(Records from a collection)
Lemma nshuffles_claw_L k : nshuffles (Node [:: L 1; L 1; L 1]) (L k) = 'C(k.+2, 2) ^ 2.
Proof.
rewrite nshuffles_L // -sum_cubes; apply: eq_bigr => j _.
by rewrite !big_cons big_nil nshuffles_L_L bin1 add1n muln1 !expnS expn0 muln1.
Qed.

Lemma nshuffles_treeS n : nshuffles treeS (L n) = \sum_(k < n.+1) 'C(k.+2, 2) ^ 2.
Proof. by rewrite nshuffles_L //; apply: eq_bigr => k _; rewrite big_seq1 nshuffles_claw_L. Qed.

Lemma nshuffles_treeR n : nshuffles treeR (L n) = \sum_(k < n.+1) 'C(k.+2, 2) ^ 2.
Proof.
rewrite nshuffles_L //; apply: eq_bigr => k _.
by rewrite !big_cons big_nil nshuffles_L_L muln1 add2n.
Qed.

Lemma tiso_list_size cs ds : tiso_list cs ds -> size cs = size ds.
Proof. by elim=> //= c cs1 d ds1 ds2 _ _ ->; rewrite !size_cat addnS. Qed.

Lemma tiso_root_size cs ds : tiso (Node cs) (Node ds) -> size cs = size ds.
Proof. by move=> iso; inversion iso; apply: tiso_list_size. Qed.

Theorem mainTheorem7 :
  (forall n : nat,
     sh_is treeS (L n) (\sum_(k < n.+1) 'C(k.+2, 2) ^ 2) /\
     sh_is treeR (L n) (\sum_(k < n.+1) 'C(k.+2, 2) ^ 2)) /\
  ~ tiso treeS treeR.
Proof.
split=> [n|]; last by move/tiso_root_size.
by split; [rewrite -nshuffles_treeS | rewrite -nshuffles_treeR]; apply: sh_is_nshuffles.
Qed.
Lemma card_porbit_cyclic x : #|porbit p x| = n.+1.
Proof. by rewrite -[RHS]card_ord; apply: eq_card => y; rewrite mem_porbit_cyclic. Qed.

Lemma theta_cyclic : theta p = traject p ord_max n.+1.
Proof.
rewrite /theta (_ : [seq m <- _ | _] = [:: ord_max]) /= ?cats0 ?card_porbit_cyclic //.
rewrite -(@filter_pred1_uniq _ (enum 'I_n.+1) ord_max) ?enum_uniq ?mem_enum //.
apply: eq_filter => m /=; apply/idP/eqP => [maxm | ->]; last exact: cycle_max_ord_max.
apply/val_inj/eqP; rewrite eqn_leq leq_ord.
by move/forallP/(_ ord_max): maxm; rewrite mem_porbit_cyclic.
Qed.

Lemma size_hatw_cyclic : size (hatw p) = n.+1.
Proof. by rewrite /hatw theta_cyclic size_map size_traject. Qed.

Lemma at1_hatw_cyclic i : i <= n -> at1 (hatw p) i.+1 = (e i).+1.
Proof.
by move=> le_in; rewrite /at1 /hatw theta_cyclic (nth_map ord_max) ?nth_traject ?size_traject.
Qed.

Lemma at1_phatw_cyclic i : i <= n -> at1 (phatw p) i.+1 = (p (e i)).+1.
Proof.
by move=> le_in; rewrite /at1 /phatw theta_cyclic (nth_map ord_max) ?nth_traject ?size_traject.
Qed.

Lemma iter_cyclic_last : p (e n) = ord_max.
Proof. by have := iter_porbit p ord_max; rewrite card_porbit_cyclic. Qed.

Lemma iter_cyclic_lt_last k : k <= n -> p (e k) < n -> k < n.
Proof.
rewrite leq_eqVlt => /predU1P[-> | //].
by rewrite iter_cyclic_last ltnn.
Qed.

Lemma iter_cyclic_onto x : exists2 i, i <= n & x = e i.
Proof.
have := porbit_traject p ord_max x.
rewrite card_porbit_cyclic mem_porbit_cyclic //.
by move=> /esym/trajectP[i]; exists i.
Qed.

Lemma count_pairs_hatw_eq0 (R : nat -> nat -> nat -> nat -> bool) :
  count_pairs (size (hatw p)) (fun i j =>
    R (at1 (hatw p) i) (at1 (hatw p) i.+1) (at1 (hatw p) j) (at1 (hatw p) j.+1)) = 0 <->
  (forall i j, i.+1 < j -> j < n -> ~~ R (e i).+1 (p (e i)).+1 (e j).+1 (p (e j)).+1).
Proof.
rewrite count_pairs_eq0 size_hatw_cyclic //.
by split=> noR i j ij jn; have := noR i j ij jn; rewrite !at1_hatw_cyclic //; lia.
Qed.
--
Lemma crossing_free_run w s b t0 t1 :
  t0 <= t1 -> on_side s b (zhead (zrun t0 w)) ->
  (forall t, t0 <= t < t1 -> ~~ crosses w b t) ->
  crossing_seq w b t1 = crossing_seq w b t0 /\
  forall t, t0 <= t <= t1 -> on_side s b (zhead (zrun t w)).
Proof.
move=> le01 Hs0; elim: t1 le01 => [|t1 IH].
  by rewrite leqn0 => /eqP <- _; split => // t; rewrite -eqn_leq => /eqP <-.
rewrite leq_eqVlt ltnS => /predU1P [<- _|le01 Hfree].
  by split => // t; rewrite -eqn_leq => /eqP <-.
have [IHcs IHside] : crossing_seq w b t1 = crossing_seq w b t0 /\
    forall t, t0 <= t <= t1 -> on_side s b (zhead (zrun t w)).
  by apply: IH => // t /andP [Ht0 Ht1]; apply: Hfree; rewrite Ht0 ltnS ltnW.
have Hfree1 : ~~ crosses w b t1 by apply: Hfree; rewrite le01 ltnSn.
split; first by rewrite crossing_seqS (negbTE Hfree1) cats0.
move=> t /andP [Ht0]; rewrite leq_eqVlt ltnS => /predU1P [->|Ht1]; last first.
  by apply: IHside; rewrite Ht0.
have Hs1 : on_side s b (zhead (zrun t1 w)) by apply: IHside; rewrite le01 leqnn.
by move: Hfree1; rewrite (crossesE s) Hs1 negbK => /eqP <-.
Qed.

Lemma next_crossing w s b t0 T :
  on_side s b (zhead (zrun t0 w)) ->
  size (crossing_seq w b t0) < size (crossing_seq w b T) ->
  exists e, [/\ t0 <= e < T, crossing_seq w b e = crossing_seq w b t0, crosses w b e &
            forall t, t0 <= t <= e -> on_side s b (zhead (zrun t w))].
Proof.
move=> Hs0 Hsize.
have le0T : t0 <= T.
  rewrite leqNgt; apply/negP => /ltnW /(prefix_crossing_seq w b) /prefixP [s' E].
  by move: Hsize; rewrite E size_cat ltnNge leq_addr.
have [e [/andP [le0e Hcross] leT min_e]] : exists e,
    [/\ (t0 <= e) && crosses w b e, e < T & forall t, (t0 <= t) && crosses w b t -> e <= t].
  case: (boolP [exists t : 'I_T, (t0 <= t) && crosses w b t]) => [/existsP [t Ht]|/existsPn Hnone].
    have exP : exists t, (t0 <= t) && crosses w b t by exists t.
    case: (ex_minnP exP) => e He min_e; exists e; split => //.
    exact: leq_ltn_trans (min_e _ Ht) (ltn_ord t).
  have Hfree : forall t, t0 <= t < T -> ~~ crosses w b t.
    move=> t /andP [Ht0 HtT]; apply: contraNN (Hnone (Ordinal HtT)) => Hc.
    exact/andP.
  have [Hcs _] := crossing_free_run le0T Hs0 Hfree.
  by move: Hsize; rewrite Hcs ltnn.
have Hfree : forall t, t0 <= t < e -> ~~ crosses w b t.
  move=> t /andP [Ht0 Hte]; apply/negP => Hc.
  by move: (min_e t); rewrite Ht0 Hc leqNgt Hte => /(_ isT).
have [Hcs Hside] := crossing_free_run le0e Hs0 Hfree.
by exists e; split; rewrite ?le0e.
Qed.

• **INSTRUCTIONS TO FOLLOW**
Across the entries above, how many lines include "leqNgt"? State only that number.

• **RESPONSE TO THIS EXERCISE**
2